RECORDS SUPPLIED:
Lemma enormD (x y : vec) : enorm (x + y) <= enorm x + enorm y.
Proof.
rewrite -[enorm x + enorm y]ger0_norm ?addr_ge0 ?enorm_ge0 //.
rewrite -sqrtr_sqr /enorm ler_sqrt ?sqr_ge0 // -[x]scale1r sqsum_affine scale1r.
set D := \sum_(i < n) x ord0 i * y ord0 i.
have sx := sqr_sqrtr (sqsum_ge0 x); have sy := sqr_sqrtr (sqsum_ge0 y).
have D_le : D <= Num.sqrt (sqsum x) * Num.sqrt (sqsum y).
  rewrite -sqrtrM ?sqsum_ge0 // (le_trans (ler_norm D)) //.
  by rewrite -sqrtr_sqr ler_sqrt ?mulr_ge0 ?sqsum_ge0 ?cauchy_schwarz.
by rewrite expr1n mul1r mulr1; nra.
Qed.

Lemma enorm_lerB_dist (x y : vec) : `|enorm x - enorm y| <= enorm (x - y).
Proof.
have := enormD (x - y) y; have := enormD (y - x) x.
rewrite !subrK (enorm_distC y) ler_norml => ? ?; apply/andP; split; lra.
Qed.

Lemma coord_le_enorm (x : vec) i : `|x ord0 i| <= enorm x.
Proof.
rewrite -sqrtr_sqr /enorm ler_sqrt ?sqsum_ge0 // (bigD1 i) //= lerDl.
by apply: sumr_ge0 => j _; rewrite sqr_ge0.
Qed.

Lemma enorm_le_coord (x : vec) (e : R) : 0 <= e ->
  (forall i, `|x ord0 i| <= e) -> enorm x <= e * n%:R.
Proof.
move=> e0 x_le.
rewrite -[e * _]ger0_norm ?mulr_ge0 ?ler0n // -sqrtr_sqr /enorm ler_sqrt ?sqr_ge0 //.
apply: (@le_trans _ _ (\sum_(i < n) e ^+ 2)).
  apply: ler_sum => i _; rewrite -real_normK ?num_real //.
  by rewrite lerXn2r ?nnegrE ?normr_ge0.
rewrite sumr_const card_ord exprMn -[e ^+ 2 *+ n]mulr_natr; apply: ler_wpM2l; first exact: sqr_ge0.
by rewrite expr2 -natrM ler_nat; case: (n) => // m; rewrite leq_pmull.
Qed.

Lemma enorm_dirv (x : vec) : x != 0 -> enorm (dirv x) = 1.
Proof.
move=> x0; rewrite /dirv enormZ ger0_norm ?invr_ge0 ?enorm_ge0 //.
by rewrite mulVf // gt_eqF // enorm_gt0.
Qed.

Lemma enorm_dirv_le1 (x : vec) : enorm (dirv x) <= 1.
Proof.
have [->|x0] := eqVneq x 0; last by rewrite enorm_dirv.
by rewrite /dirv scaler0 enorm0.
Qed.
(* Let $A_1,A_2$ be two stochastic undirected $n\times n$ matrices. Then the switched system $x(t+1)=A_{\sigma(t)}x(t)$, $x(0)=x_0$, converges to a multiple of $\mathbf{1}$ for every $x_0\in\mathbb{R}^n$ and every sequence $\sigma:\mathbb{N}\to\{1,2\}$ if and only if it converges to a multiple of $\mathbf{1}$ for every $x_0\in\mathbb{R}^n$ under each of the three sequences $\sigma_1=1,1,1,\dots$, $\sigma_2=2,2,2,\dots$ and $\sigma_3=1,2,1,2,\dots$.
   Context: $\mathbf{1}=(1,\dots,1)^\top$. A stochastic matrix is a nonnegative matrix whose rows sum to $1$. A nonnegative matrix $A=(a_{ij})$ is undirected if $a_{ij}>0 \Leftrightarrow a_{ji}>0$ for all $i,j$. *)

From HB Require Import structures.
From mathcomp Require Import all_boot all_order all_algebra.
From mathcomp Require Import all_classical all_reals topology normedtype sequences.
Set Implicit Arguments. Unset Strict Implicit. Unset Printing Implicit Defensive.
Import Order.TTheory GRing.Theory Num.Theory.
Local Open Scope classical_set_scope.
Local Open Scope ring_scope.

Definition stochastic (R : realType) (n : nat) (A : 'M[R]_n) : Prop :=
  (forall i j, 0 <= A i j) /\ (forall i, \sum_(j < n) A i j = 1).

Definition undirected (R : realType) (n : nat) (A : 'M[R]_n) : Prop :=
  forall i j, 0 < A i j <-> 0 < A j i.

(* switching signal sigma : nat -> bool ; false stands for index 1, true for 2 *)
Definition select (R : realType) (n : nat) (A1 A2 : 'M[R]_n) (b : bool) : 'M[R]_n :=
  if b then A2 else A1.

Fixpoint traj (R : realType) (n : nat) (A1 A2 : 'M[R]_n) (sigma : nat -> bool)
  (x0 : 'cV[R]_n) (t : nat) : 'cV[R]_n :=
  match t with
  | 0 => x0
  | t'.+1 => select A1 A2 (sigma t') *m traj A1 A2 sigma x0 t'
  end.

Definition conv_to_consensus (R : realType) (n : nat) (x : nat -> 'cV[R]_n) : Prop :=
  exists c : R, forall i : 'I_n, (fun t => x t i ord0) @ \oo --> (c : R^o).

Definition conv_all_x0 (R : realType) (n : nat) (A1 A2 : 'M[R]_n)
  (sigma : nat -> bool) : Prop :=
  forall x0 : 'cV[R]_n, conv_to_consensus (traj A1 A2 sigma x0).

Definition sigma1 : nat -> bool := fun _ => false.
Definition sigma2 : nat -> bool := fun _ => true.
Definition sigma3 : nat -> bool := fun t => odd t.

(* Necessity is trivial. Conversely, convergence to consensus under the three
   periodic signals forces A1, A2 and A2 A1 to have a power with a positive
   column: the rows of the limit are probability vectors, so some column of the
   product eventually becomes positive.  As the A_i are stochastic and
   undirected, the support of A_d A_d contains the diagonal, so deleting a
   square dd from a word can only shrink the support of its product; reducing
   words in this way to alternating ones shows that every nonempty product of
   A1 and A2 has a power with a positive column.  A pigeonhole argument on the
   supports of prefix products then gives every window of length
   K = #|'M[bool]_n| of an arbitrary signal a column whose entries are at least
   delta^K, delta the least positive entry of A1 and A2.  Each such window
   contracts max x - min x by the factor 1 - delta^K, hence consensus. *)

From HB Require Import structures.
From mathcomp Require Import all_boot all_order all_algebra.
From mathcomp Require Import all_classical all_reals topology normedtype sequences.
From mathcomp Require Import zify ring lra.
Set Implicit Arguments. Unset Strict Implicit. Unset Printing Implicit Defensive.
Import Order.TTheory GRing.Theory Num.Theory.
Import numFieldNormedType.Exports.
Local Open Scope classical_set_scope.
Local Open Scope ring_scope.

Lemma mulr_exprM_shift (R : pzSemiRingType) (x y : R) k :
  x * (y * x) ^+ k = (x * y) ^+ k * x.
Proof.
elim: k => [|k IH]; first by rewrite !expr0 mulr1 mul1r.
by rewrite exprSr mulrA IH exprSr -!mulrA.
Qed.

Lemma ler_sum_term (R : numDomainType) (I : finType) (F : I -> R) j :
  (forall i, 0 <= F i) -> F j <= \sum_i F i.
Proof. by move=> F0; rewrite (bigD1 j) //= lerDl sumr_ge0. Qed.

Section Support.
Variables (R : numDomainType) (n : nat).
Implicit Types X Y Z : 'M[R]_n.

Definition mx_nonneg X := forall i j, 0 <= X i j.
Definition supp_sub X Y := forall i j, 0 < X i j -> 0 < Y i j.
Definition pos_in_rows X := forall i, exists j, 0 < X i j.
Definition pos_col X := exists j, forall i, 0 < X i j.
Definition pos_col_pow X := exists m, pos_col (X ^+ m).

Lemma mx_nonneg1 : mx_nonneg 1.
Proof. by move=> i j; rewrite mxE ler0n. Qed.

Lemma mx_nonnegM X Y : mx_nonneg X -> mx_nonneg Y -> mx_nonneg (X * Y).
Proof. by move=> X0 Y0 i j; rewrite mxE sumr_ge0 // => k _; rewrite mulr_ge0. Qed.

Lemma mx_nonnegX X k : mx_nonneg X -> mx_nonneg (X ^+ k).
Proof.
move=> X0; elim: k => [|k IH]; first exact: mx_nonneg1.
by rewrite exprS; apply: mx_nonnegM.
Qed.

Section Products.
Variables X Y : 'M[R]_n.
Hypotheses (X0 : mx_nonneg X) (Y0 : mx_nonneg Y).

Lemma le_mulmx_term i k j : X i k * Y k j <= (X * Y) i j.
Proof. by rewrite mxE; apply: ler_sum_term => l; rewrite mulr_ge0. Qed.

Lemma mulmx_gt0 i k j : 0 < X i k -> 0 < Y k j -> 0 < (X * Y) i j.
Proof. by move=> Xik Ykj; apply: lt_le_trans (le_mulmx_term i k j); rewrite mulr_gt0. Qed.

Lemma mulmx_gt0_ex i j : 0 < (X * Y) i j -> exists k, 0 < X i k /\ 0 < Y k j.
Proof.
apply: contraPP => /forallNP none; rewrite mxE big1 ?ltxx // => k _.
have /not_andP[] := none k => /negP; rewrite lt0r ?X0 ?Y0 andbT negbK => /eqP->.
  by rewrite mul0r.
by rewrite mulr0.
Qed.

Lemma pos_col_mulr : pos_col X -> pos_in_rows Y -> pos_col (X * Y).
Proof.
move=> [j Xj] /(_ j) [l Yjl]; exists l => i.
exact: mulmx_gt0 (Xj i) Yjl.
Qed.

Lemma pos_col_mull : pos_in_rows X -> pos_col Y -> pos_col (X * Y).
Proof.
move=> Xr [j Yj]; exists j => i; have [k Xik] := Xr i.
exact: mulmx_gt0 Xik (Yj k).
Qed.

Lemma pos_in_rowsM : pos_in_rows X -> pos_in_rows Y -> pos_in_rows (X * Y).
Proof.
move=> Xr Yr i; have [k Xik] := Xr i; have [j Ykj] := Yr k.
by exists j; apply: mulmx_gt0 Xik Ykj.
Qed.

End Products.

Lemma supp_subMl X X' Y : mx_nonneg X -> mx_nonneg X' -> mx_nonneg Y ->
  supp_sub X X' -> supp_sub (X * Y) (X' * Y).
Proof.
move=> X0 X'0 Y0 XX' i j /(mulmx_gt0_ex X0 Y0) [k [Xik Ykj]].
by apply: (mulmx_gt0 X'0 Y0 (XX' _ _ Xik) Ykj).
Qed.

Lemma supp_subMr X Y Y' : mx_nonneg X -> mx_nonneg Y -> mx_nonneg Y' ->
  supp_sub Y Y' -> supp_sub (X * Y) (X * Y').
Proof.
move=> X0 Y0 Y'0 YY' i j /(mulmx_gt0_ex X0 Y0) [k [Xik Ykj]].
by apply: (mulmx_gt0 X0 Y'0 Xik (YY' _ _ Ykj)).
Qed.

REQUIREMENT:
Show each line from the material above where the string "power" can be found.

EXERCISE SOLUTION:
   periodic signals forces A1, A2 and A2 A1 to have a power with a positive
   A1 and A2 has a power with a positive column.  A pigeonhole argument on the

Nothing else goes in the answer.